Required action -> Only the lines containing "destruct" belong in the answer; find them in the material below.

--*--

Lemma pi_of_ge2 h N : 2 <= pi_of h N.
Proof.
  unfold pi_of. set (r := rho_of h N).
  assert (Hr : 2 <= r) by (unfold r, rho_of; lia).
  assert (Hrh : 1 <= r ^ h) by (apply Nat.neq_0_lt_0, Nat.pow_nonzero; lia).
  assert (Hbase : 2 <= (h + 1) * (h + 1) * r ^ (h + 1)).
  { pose proof (pow_ge_base r (h + 1)). nia. }
  eapply Nat.le_trans; [exact Hbase|]. apply pow_ge_base. exact Hrh.
Qed.

Lemma pi_ge2 h : 2 <= pi h.
Proof. apply pi_of_ge2. Qed.

Lemma pow2_le_a h : 2 ^ (h + 2) <= a h.
Proof. apply Nat.pow_le_mono_l, pi_of_ge2. Qed.

Lemma a_ge2 h : 2 <= a h.
Proof.
  eapply Nat.le_trans; [|apply pow2_le_a].
  eapply Nat.le_trans; [|apply pow_ge_base]; lia.
Qed.

Lemma M_sqr h : M h = a h * a h.
Proof. unfold M, M_of, a. simpl. lia. Qed.

Lemma M_ge4 h : 4 <= M h.
Proof. rewrite M_sqr. pose proof (a_ge2 h). nia. Qed.

Lemma levelsize_mono h k : h <= k -> levelsize h <= levelsize k.
Proof.
  induction 1 as [|k _ IH]; [lia|].
  change (levelsize (S k)) with (levelsize k * M k). pose proof (M_ge4 k). nia.
Qed.

Lemma pi_mono h k : h <= k -> pi h <= pi k.
Proof.
  intro Hhk. unfold pi, pi_of.
  assert (Hr : rho_of h (levelsize h) <= rho_of k (levelsize k)).
  { pose proof (levelsize_mono _ _ Hhk). unfold rho_of. lia. }
  set (r := rho_of h (levelsize h)) in *. set (r' := rho_of k (levelsize k)) in *.
  assert (2 <= r) by (unfold r, rho_of; lia).
  apply Nat.pow_le_mono.
  - apply Nat.neq_mul_0; split; [nia|]. apply Nat.pow_nonzero; lia.
  - apply Nat.mul_le_mono; [nia|]. apply Nat.pow_le_mono; lia.
  - apply Nat.pow_le_mono; lia.
Qed.

Lemma pi_pow_le_a h k : h <= k -> pi h ^ (h + 2) <= a k.
Proof.
  intro Hhk. unfold a, a_of. fold (pi k).
  pose proof (pi_ge2 h). apply Nat.pow_le_mono; [lia| apply pi_mono; exact Hhk| lia].
Qed.

Definition prefixb (s t : list nat) : bool :=
  if list_eq_dec Nat.eq_dec (firstn (length s) t) s then true else false.

Lemma prefixb_spec s t : prefixb s t = true <-> prefix s t.
Proof. unfold prefixb, prefix. destruct list_eq_dec; split; congruence. Qed.

Lemma prefix_dec s t : {prefix s t} + {~ prefix s t}.
Proof.
  destruct (prefixb s t) eqn:E; [left | right]; rewrite <- prefixb_spec; congruence.
Qed.

Lemma prefix_iff_app s t : prefix s t <-> exists r, t = s ++ r.
Proof.
  unfold prefix. split.
  - intro H. exists (skipn (length s) t). rewrite <- H at 1. symmetry. apply firstn_skipn.
  - intros [r ->]. rewrite firstn_app, Nat.sub_diag, firstn_O, app_nil_r, firstn_all. reflexivity.
Qed.

Lemma prefix_app s r : prefix s (s ++ r).
Proof. apply prefix_iff_app. eauto. Qed.

Lemma prefix_refl s : prefix s s.
Proof. rewrite <- (app_nil_r s) at 2. apply prefix_app. Qed.

Lemma prefix_nil t : prefix [] t.
Proof. apply (prefix_app [] t). Qed.

Lemma prefix_trans s t u : prefix s t -> prefix t u -> prefix s u.
Proof.
  rewrite !prefix_iff_app. intros [r1 ->] [r2 ->]. exists (r1 ++ r2). symmetry. apply app_assoc.
Qed.

Lemma prefix_length s t : prefix s t -> length s <= length t.
Proof. rewrite prefix_iff_app. intros [r ->]. rewrite length_app. lia. Qed.

Lemma prefix_length_eq s t : prefix s t -> length t <= length s -> s = t.
Proof.
  rewrite prefix_iff_app. intros [[|x r] ->] H.
  - symmetry. apply app_nil_r.
  - rewrite length_app in H. simpl in H. lia.
Qed.

Lemma prefix_snoc_inv t u l : prefix t (u ++ [l]) -> prefix t u \/ t = u ++ [l].
Proof.
  rewrite !prefix_iff_app. intros [r Hr]. destruct r as [|x r] using rev_ind.
  - right. rewrite app_nil_r in Hr. auto.
  - left. exists r. rewrite app_assoc in Hr. apply app_inj_tail in Hr. apply Hr.
Qed.

Lemma prefix_nth u s : prefix u s -> forall i, i < length u -> nth i s 0 = nth i u 0.
Proof. rewrite prefix_iff_app. intros [r ->] i Hi. apply app_nth1; auto. Qed.

Lemma prefix_next u s : prefix u s -> length u < length s ->
  prefix (u ++ [nth (length u) s 0]) s.
Proof.
  rewrite !prefix_iff_app. intros [[|x r] ->] H; rewrite length_app in H; simpl in H; [lia|].
  exists r. rewrite nth_middle, <- app_assoc. reflexivity.
Qed.

Lemma prefix_diverge s t : ~ prefix s t -> ~ prefix t s ->
  exists u x y r1 r2, x <> y /\ s = u ++ x :: r1 /\ t = u ++ y :: r2.
Proof.
  revert t. induction s as [|x s IH]; intros [|y t] H1 H2.
  - exfalso. apply H1, prefix_nil.
  - exfalso. apply H1, prefix_nil.
  - exfalso. apply H2, prefix_nil.
  - destruct (Nat.eq_dec x y) as [<-|Hxy].
    + destruct (IH t) as (u & x' & y' & r1 & r2 & Hne & -> & ->).
      * intro P. apply H1. apply prefix_iff_app in P as [r ->]. apply (prefix_app (x :: s)).
      * intro P. apply H2. apply prefix_iff_app in P as [r ->]. apply (prefix_app (x :: t)).
      * exists (x :: u), x', y', r1, r2. auto.
    + exists [], x, y, s, t. auto.
Qed.
Lemma blocks_no_parallel_class : ~ exists P, parallel_class blocks P.
Proof.
move=> [P [sPB partP]]; have trivP := partition_trivIset partP.
have sum0 : \sum_(B in P) wsum B = 0.
  by rewrite -(set_partition_big _ partP) sum_weight.
have inP t : pblock P t \in P by rewrite pblock_mem // (cover_partition partP) inE.
have in_pblock t : t \in pblock P t by rewrite mem_pblock (cover_partition partP) inE.
have [eq_TF|nTF] := eqVneq (pblock P (inr true)) (pblock P (inr false)).
  have infP : block (inr true) (inr false) \in P.
    rewrite -(block_inf_both (subsetP sPB _ (inP (inr true)))) ?in_pblock //.
    by rewrite eq_TF in_pblock.
  by move/eqP: m_neq0; rewrite -(sum_blocks_inf_both sPB trivP infP) sum0.
move: (sum_blocks_inf_apart sPB trivP (inP _) (inP _) nTF (in_pblock _) (in_pblock _)).
by rewrite sum0 inH0.
Qed.

End Construction.

Lemma point_STS_without_parallel_class n' m :
  (n'.+2 = 5 * m)%N -> odd m -> (1 < m)%N -> coprime n'.+2 3 ->
  (forall p, prime p -> (p %| m)%N -> ord_divisible p (-2) 4) ->
  STS_without_parallel_class (point n').
Proof.
move=> n_eq m_odd m_gt1 cop3 ord_m; exists (blocks n' m); split.
  exact: blocks_STS.
exact: blocks_no_parallel_class n_eq m_odd m_gt1 cop3 ord_m.
Qed.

--*--

Written solution ->
Proof. unfold prefixb, prefix. destruct list_eq_dec; split; congruence. Qed.
  destruct (prefixb s t) eqn:E; [left | right]; rewrite <- prefixb_spec; congruence.
  rewrite !prefix_iff_app. intros [r Hr]. destruct r as [|x r] using rev_ind.
  - destruct (Nat.eq_dec x y) as [<-|Hxy].
    + destruct (IH t) as (u & x' & y' & r1 & r2 & Hne & -> & ->).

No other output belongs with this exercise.